私はいつも7時に学校へ行く、ま、まあ?彼に会うことは期待してないし。たまに早く来るから二人きりが好きな訳じゃないし……。
そう思いながら進むと教室の扉の前についていた。
扉を開けた瞬間、目に入った光景に目を疑った。
「……え?」
なんと康正くんが私の机に伏して寝ていたのだ。
そんなことを予想できる訳もなく私は呆気に取られていた。
寝てる……彼が、私の机に……………え?
何してるのよ……全く。
私は起こさないように慎重に教室内を歩き彼の頭側へ屈んだ。
「……zZ」
(寝顔、可愛い………)
「ペンペン………ふふふっ」
そう寝言を言った直後、彼は私の頭をポンポンと叩いた。
そしてそのまま私の頭の上に手を乗せて再び眠った。
(……///?!な、何するのよ!?)
その状態のまま顔を見ると相変わらず気持ちよさそうに寝ている。
私は何を思ったのかその頭に手を乗せ、ヨシヨシと頭を撫でた。
「ふふふ、ほんとに可愛いわね……」
「んぁ……?」
ヨシヨシしていると目を覚ました。
私はとっさに距離を取った。
「あ、おはよ」
「おはよ、じゃないでしょ?私の席に座らないでくれる?」
「………無理」
「はぁ?!ど、どいてよ!私の席よ!」
「ここ窓側の角だから良く日が当たるんだよね。
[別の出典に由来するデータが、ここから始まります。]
(* Let $(\mathscr{S},\mathscr{C},\mathscr{R},K)$ be a PL-RDK system containing an irreversible inflow reaction $0\to A$ (so $A\to 0\notin\mathscr{R}$). Let $\mathcal{D}$ be the set of all reactions other than $0\to A$ in which $A$ occurs in the reactant or the product complex. If for every $y\to y'\in\mathcal{D}$ the $A$-coordinate of the reaction vector $y'-y$ is zero, then the system does not have the capacity to admit multiple equilibria.
   Context: In a PL-RDK system each reaction $y\to y'$ has rate $k_{y\to y'}x^{T_{.y}}$ with $k_{y\to y'}>0$ and a real kinetic order vector $T_{.y}$ depending only on the reactant complex $y$; the dynamics is $dx/dt=\sum_{\mathscr{R}}k_{y\to y'}x^{T_{.y}}(y'-y)$. The stoichiometric subspace is $S=\mathrm{span}\{y'-y\}$. The system has the capacity to admit multiple equilibria if there exist positive rate constants for which there are two distinct positive equilibria $c^*,c^{**}$ with $c^*-c^{**}\in S$. Here $0$ denotes the zero complex and $A$ the complex consisting of one unit of species $A$. *)

From mathcomp Require Import all_boot.
From Stdlib Require Import Reals.
Set Implicit Arguments. Unset Strict Implicit. Unset Printing Implicit Defensive.

Definition cplx (n : nat) := {ffun 'I_n -> nat}.
Definition reaction (n : nat) := (cplx n * cplx n)%type.

Definition zero_cplx (n : nat) : cplx n := [ffun _ => 0%N].
Definition unit_cplx (n : nat) (a : 'I_n) : cplx n := [ffun i => nat_of_bool (i == a)].

Definition is_network (n : nat) (rs : seq (reaction n)) : Prop :=
  uniq rs /\ (forall r, r \in rs -> r.1 != r.2).

Definition plmon (n : nat) (x : 'I_n -> R) (t : 'I_n -> R) : R :=
  \big[Rmult/1%R]_(i < n) Rpower (x i) (t i).

(* PL-RDK vector field: kinetic orders T : cplx n -> 'I_n -> R depend only on
   the reactant complex; k are the rate constants. *)
Definition plrdk_field (n : nat) (rs : seq (reaction n)) (T : cplx n -> 'I_n -> R)
  (k : reaction n -> R) (x : 'I_n -> R) (i : 'I_n) : R :=
  \big[Rplus/0%R]_(r <- rs)
     (k r * plmon x (T r.1) * (INR (r.2 i) - INR (r.1 i)))%R.

Definition positive_equilibrium (n : nat) (rs : seq (reaction n))
  (T : cplx n -> 'I_n -> R) (k : reaction n -> R) (c : 'I_n -> R) : Prop :=
  (forall i, 0 < c i)%R /\ (forall i, plrdk_field rs T k c i = 0%R).

Definition in_stoich_subspace (n : nat) (rs : seq (reaction n)) (v : 'I_n -> R) : Prop :=
  exists coef : reaction n -> R,
    forall i, v i = \big[Rplus/0%R]_(r <- rs) (coef r * (INR (r.2 i) - INR (r.1 i)))%R.

Definition has_capacity_multiple_equilibria (n : nat) (rs : seq (reaction n))
  (T : cplx n -> 'I_n -> R) : Prop :=
  exists k : reaction n -> R,
    (forall r, r \in rs -> 0 < k r)%R /\
    exists c1 c2 : 'I_n -> R,
      positive_equilibrium rs T k c1 /\ positive_equilibrium rs T k c2 /\
      (exists i, c1 i <> c2 i) /\
      in_stoich_subspace rs (fun i => c1 i - c2 i)%R.

From mathcomp Require Import all_boot.
From Stdlib Require Import Reals Lra.

Set Implicit Arguments.
Unset Strict Implicit.
Unset Printing Implicit Defensive.

(* The inflow reaction 0 -> A is the only reaction whose
   reaction vector has a nonzero A-coordinate: by hypothesis every other
   reaction involving A leaves the amount of A unchanged, and reactions not
   involving A trivially do so.  Hence the A-component of the PL-RDK vector
   field at any positive state x reduces to the single inflow term
   k_{0->A} x^{T_{.0}}, which is strictly positive because rate constants
   are positive and power-law monomials of positive states are positive.
   So the system has no positive equilibrium at all, a fortiori not two. *)

Lemma big_uniq_single (A : eqType) (s : seq A) (r0 : A) (F : A -> R) :
  uniq s -> r0 \in s -> (forall r, r \in s -> r != r0 -> F r = 0%R) ->
  \big[Rplus/0%R]_(r <- s) F r = F r0.
Proof.
elim: s => [//|x s IH] /= /andP[xNs us]; rewrite in_cons big_cons.
move=> r0_in Fvanish.
have Fvanish_s r : r \in s -> r != r0 -> F r = 0%R.
  by move=> rs; apply: Fvanish; rewrite in_cons rs orbT.
have [r0x|r0Nx] := eqVneq r0 x.
- have -> : \big[Rplus/0%R]_(r <- s) F r = 0%R.
    rewrite big_seq; elim/big_rec: _ => [//|r y rs ->].
    by rewrite Fvanish_s //; [lra | apply: contraNneq xNs => r_r0; rewrite -r0x -r_r0].
  by rewrite r0x; lra.
- move: r0_in; rewrite (negbTE r0Nx) /= => r0s.
  rewrite IH // Fvanish ?mem_head // 1?eq_sym //; lra.
Qed.

(* Power-law monomials are positive: each factor x_i^{t_i} is an exponential. *)
Lemma plmon_pos (n : nat) (x t : 'I_n -> R) : (0 < plmon x t)%R.
Proof.
rewrite /plmon; elim/big_ind: _ => [|u v|i _]; first lra.
- exact: Rmult_lt_0_compat.
- exact: exp_pos.
Qed.

Section InflowSpecies.

Variables (n : nat) (rs : seq (reaction n)) (a : 'I_n).

Let inflow : reaction n := (zero_cplx n, unit_cplx a).

Hypothesis rs_uniq : uniq rs.
Hypothesis inflow_in : inflow \in rs.
Hypothesis A_conserved : forall r, r \in rs -> r != inflow ->
  (0 < r.1 a)%N || (0 < r.2 a)%N -> r.2 a = r.1 a.

Lemma A_coord_zero r : r \in rs -> r != inflow -> r.2 a = r.1 a.
Proof.
move=> r_in rNinflow.
case: (boolP ((0 < r.1 a)%N || (0 < r.2 a)%N)) => [|]; first exact: A_conserved.
by rewrite negb_or -!eqn0Ngt => /andP[/eqP -> /eqP ->].
Qed.

Lemma field_A_inflow (T : cplx n -> 'I_n -> R) (k : reaction n -> R)
    (x : 'I_n -> R) :
  plrdk_field rs T k x a = (k inflow * plmon x (T (zero_cplx n)))%R.
Proof.
rewrite /plrdk_field (big_uniq_single rs_uniq inflow_in).
  by rewrite /= !ffunE eqxx /=; lra.
by move=> r r_in rNinflow; rewrite A_coord_zero // Rminus_diag; lra.
Qed.

Lemma no_positive_equilibrium (T : cplx n -> 'I_n -> R) (k : reaction n -> R)
    (c : 'I_n -> R) :
  (forall r, r \in rs -> 0 < k r)%R -> ~ positive_equilibrium rs T k c.
Proof.
move=> k_pos [_ equil]; have := equil a; rewrite field_A_inflow.
have := Rmult_lt_0_compat _ _ (k_pos _ inflow_in) (plmon_pos c (T (zero_cplx n))).
lra.
Qed.

End InflowSpecies.

Theorem propositionE1 (n : nat) (rs : seq (reaction n))
  (T : cplx n -> 'I_n -> R) (a : 'I_n) :
  is_network rs ->
  (zero_cplx n, unit_cplx a) \in rs ->
  (unit_cplx a, zero_cplx n) \notin rs ->
  (forall r, r \in rs -> r != (zero_cplx n, unit_cplx a) ->
     (0 < r.1 a)%N || (0 < r.2 a)%N -> r.2 a = r.1 a) ->
  ~ has_capacity_multiple_equilibria rs T.
Proof.
move=> [rs_uniq _] inflow_in _ A_conserved [k [k_pos [c1 [_ [equil1 _]]]]].
exact: (no_positive_equilibrium rs_uniq inflow_in A_conserved k_pos equil1).
Qed.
席なら隣の席に座って貰って」
「あ、あなたの席じゃない」
「そ、だからそっちに座っても良いよって」
「あのね、こんな所見られたらもっと誤解されるわよ」
「別にいいら……俺は麗奈のこと嫌いじゃないし」
「……え?」
今、さりげなく告白のようなものを言われた気が……。
わ、私も嫌い、じゃないし。
私はあえてその気持ちを抑え、言う。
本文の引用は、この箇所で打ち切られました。